A sibling of the quintuplets was the first to open the Dionne home as a museum. The original family homestead was moved around 1960 to a location on Highway 11B (near the present Clarion Resort), and again in 1985 to North Bay and converted into the non-profit Dionne Quintuplets Museum. The museum was first located at the intersection of Highway 11 and the Trans Canada Highway and features many artifacts from the quints' early days and their growing years. As of October, 2016, the museum closed, and the city of North Bay was considering selling the building as surplus, though a petition was circulated by citizens to have it designated and preserved as a historical structure. In 2017, plans surfaced for the city to sell the building, and relocate it to a fairground in the village of Sundridge 75 km south of North Bay. On November 9, 2017 the City of North Bay announced plans to move the house on November 19 to a new site in downtown North Bay (on Oak Street in a vacant area between Marina Point Retirement Residence and Discovery North Bay Museum, a former CPR Station c. 1903) and reopened in spring 2019.

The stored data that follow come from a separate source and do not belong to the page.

(* Let $d\ge3$, $h\ge1$ and $0\le n\le h-1$. Then $$|G_{n+1}(d,h)/G_n(d,h)|=\begin{cases}\theta(d,h+1)^{d-1} & \text{if } n=0,\\ \theta(d,h+1-n)^{(d-2)d(d-1)^{n-1}} & \text{if } 1\le n\le h-1,\end{cases}$$ where $\theta(d,m):=\frac{(d-1)^m-1}{d-2}$.
   Context: Let $\mathcal{T}(d,h)$ be the rooted tree in which the root $0$ has $d$ children, every vertex at distance $1,\dots,h-1$ from the root has $d-1$ children, and the vertices at distance $h$ are leaves. Let $V$ be its vertex set, $A$ its adjacency matrix, $\Delta := dI-A$, and $\Lambda\subset\mathbb{Z}^V$ the lattice spanned by the rows of $\Delta$. Then $G(d,h):=\mathbb{Z}^V/\Lambda$; $\{\mathbf{x}_i:i\in V\}$ is the standard basis of $\mathbb{Z}^V$ and $\bar{\mathbf{x}}_i$ is the image of $\mathbf{x}_i$ in $G(d,h)$. For $0\le m\le h$, $G_m(d,h)$ is the subgroup of $G(d,h)$ generated by $\{\bar{\mathbf{x}}_i : i \text{ at distance}\le m\text{ from the root}\}$. *)

From mathcomp Require Import all_boot all_order all_algebra.
Set Implicit Arguments. Unset Strict Implicit. Unset Printing Implicit Defensive.
Import Order.TTheory GRing.Theory Num.Theory.
Local Open Scope ring_scope.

In particular, Oliva Dionne was resentful and suspicious of outsiders as a result of his having lost custody of the girls. In 1995, the three surviving sisters alleged that their father had sexually abused them during their teenaged years.

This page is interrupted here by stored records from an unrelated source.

Let Ipos_gt0 x : Ipos x -> 0 < x.
Proof. by rewrite /= in_itv /= andbT. Qed.

Lemma CLweight_ge0 x y : 0 < x -> 0 < y -> 0 <= CLweight alpha x y.
Proof.
move=> x0 y0; rewrite /CLweight divr_ge0 ?mulr_ge0 ?powR_ge0 ?expR_ge0 //.
by rewrite addr_ge0 ?(ltW x0) ?(ltW y0).
Qed.

Lemma CLweight_bound (Q : {poly R}) x : 0 < x -> exists C : R,
  forall y, 0 < y -> `|Q.[y] * CLweight alpha x y| <= C * expR (- y / 2).
Proof.
move=> x0; have alpha1_ge0 : 0 <= alpha + 1 by rewrite -lerBlDr sub0r ltW.
have [C QC] := horner_powR_expRN_le Q alpha1_ge0.
exists (x `^ alpha / x * C) => y y0.
have xy0 : 0 < x + y by rewrite addr_gt0.
rewrite normrM (ger0_norm (CLweight_ge0 x0 y0)).
have -> : `|Q.[y]| * CLweight alpha x y =
    (`|Q.[y]| * y `^ (alpha + 1) * expR (- y)) * (x `^ alpha * expR (- x) / (x + y)).
  by rewrite /CLweight expRD; ring.
rewrite [leRHS](_ : _ = C * expR (- y / 2) * (x `^ alpha / x)); last by ring.
apply: ler_pM; first by rewrite !mulr_ge0 ?powR_ge0 ?expR_ge0.
- by rewrite divr_ge0 ?mulr_ge0 ?powR_ge0 ?expR_ge0 ?(ltW xy0).
- exact: QC.
rewrite -mulrA ler_wpM2l ?powR_ge0 //.
apply: (le_trans (ler_piMl _ _)); first by rewrite invr_ge0 (ltW xy0).
  by rewrite expR_le1 oppr_le0 (ltW x0).
by rewrite lef_pV2 ?posrE // lerDl (ltW y0).
Qed.

(* [(x + y) `^ (-1)] agrees with [1 / (x + y)] on the quadrant; unlike
   inversion, [powR] comes with a measurability lemma. *)
Definition CLintegrand (Q : {poly R}) (z : R * R) : R :=
  Q.[z.2] * (z.1 `^ alpha * z.2 `^ (alpha + 1) * expR (- z.1 - z.2)
    * (z.1 + z.2) `^ (-1)).

Lemma CLintegrandE (Q : {poly R}) x y : 0 < x -> 0 < y ->
  CLintegrand Q (x, y) = Q.[y] * CLweight alpha x y.
Proof.
by move=> x0 y0; rewrite /CLweight /CLintegrand powR_inv1 // addr_ge0 ?(ltW x0) ?(ltW y0).
Qed.

Lemma measurable_CLintegrand (Q : {poly R}) :
  measurable_fun setT (CLintegrand Q).
Proof.
apply: measurable_funM.
  exact: measurableT_comp (measurable_horner Q) measurable_snd.
apply: measurable_funM; last first.
  apply: measurableT_comp (measurable_powR _) _.
  exact: measurable_funD measurable_fst measurable_snd.
apply: measurable_funM; last first.
  apply: (@measurableT_comp _ _ _ _ _ _ (@expR R)); first exact: measurable_expR.
  exact: measurable_funB (measurable_funN measurable_fst) measurable_snd.
apply: measurable_funM.
  exact: measurableT_comp (measurable_powR _) measurable_fst.
exact: measurableT_comp (measurable_powR _) measurable_snd.
Qed.

Lemma integrable_CLweight (Q : {poly R}) x : 0 < x ->
  lebesgue_measure.-integrable Ipos (fun y => (Q.[y] * CLweight alpha x y)%:E).
Proof.
move=> x0; have [C QC] := CLweight_bound Q x0.
(* [e^(-y/2)] is integrable as twice the exponential density of rate 1/2. *)
have Ipos_exp y : 0 < y -> exponential_pdf 2^-1 y = 2^-1 * expR (- y / 2) :> R.
  move=> y0; rewrite /exponential_pdf patchE ifT; last first.
    by rewrite inE /= in_itv /= andbT (ltW y0).
  by congr (_ * expR _); lra.
apply: (@le_integrable _ _ _ lebesgue_measure _ Ipos_measurable _
  (fun y => ((C * 2)%:E * (EFin \o exponential_pdf 2^-1) y)%E)).
- apply/measurable_EFinP.
  apply: (eq_measurable_fun (fun y => CLintegrand Q (x, y))).
    by move=> y; rewrite inE => /Ipos_gt0 y0; rewrite CLintegrandE.
  apply: measurable_funTS.
  exact: measurable_fun_pair2 (measurable_CLintegrand Q).
- move=> y /Ipos_gt0 y0; rewrite /= Ipos_exp // lee_fin.
  apply: (le_trans (QC y y0)); rewrite (_ : C * 2 * _ = C * expR (- y / 2)).
    exact: ler_norm.
  by field.
- apply: integrableZl => //.
  by apply: integrableS (integrable_exponential_pdf _) => //.
Qed.

Definition CLinner (Q : {poly R}) x : R :=
  fine (\int[lebesgue_measure]_(y in Ipos) (Q.[y] * CLweight alpha x y)%:E)%E.

Lemma CLinnerE (Q : {poly R}) x : 0 < x ->
  (\int[lebesgue_measure]_(y in Ipos) (Q.[y] * CLweight alpha x y)%:E)%E =
  (CLinner Q x)%:E.
Proof.
by move=> x0; rewrite fineK // integrable_fin_num // integrable_CLweight.
Qed.

Lemma measurable_CLinner (Q : {poly R}) : measurable_fun Ipos (CLinner Q).
Proof.
apply/measurable_EFinP; apply: (eq_measurable_fun
  (fun x => \int[lebesgue_measure]_(y in Ipos) (CLintegrand Q (x, y))%:E)%E).
  move=> x; rewrite inE => /Ipos_gt0 x0; rewrite /= -CLinnerE //.
  by apply: eq_integral => y; rewrite inE => /Ipos_gt0 y0; rewrite CLintegrandE.
apply: measurable_funTS.
apply: (measurable_fun_integral_snd lebesgue_measure
  (f := fun z => (CLintegrand Q z)%:E)) => //.
by apply/measurable_EFinP; exact: measurable_CLintegrand.
Qed.

Lemma dint_CLinner (Q : {poly R}) (c : R -> R) :
  dint (fun x y => c x * Q.[y] * CLweight alpha x y) =
  (\int[lebesgue_measure]_(x in Ipos) (c x * CLinner Q x)%:E)%E.
Proof.
apply: eq_integral => x; rewrite inE => /Ipos_gt0 x0.
under eq_integral do rewrite -mulrA EFinM.
by rewrite integralZl ?integrable_CLweight // CLinnerE.
Qed.

Lemma integrable_CLinner (P Q : {poly R}) :
  dint (fun x y => P.[x] * Q.[y] * CLweight alpha x y) \is a fin_num ->
  lebesgue_measure.-integrable Ipos (fun x => (P.[x] * CLinner Q x)%:E).
Proof.
rewrite dint_CLinner; apply: fin_num_integral_integrable => //.
apply/measurable_EFinP; apply: measurable_funM (measurable_CLinner Q).
exact: measurable_funTS (measurable_horner P).
Qed.

End CauchyLaguerre.

Theorem proposition2 (R : realType) (alpha : R) (p q : nat -> {poly R})
    (h : nat -> R) :
  -1 < alpha ->
  (forall k, p k \is monic /\ size (p k) = k.+1) ->
  (forall k, q k \is monic /\ size (q k) = k.+1) ->
  (forall k l, dint (fun x y => (p k).[x] * (q l).[y] * CLweight alpha x y)
               = ((h k) * (k == l)%:R)%:E) ->
  forall beta k : nat, (k <= beta)%N ->
    dint (fun x y => x ^+ beta * (q k).[y] * CLweight alpha x y)
    = (bcoef (fun m i => (p m)`_i) beta (beta - k) * h k)%:E.
Proof.
move=> alpha_gt p_monic _ orth beta k le_kb.
have p_lead m : (p m)`_m = 1.
  by have [/monicP <- size_p] := p_monic m; rewrite lead_coefE size_p.
have p_size m : (size (p m) <= m.+1)%N by have [_ ->] := p_monic m.
have Xn_eval x : x ^+ beta =
    \sum_(j < beta.+1) bcoef (fun m i => (p m)`_i) beta j * (p (beta - j)%N).[x].
  rewrite -hornerXn (polyXn_bcoef beta p_lead p_size) horner_sum.
  by apply: eq_bigr => j _; rewrite hornerZ.
have int_p m : lebesgue_measure.-integrable `]0, +oo[%classic
    (fun x => ((p m).[x] * CLinner alpha (q k) x)%:E).
  by apply: integrable_CLinner => //; rewrite orth.
rewrite (dint_CLinner alpha_gt).
under eq_integral => x _.
  rewrite Xn_eval mulr_suml -sumEFin.
  under eq_bigr do rewrite -mulrA EFinM.
  over.
rewrite integral_sum //; last by move=> j; exact: integrableZl.
under eq_bigr do rewrite integralZl // -(dint_CLinner alpha_gt) orth -EFinM.
rewrite sumEFin; congr EFin.
have lt_kb : (beta - k < beta.+1)%N by rewrite ltnS leq_subr.
rewrite (bigD1 (Ordinal lt_kb)) //= subKn // eqxx mulr1 big1 ?addr0 // => j ne_j.
rewrite (_ : (beta - j == k)%N = false) ?mulr0 //.
apply: contraNF ne_j => /eqP eq_k; apply/eqP/val_inj => /=.
by have := ltn_ord j; lia.
Qed.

In 1997, the three surviving sisters wrote an open letter to the parents of the McCaughey septuplets, warning against allowing too much publicity for the children. The letter read:


In 1998, the sisters reached a $2.8 million settlement with the Ontario government as compensation for their exploitation.


As of December 2019 there are two surviving sisters, Annette and Cécile. Yvonne died in 2001.


In 2018, the birth of the quints was named a National Historic Event.


Shelley Wood's novel about the sisters, The Quintland Sisters, was published on March 5, 2019. It is a fictionalized account of the sisters' story from the point of view of one of the midwives' assistants.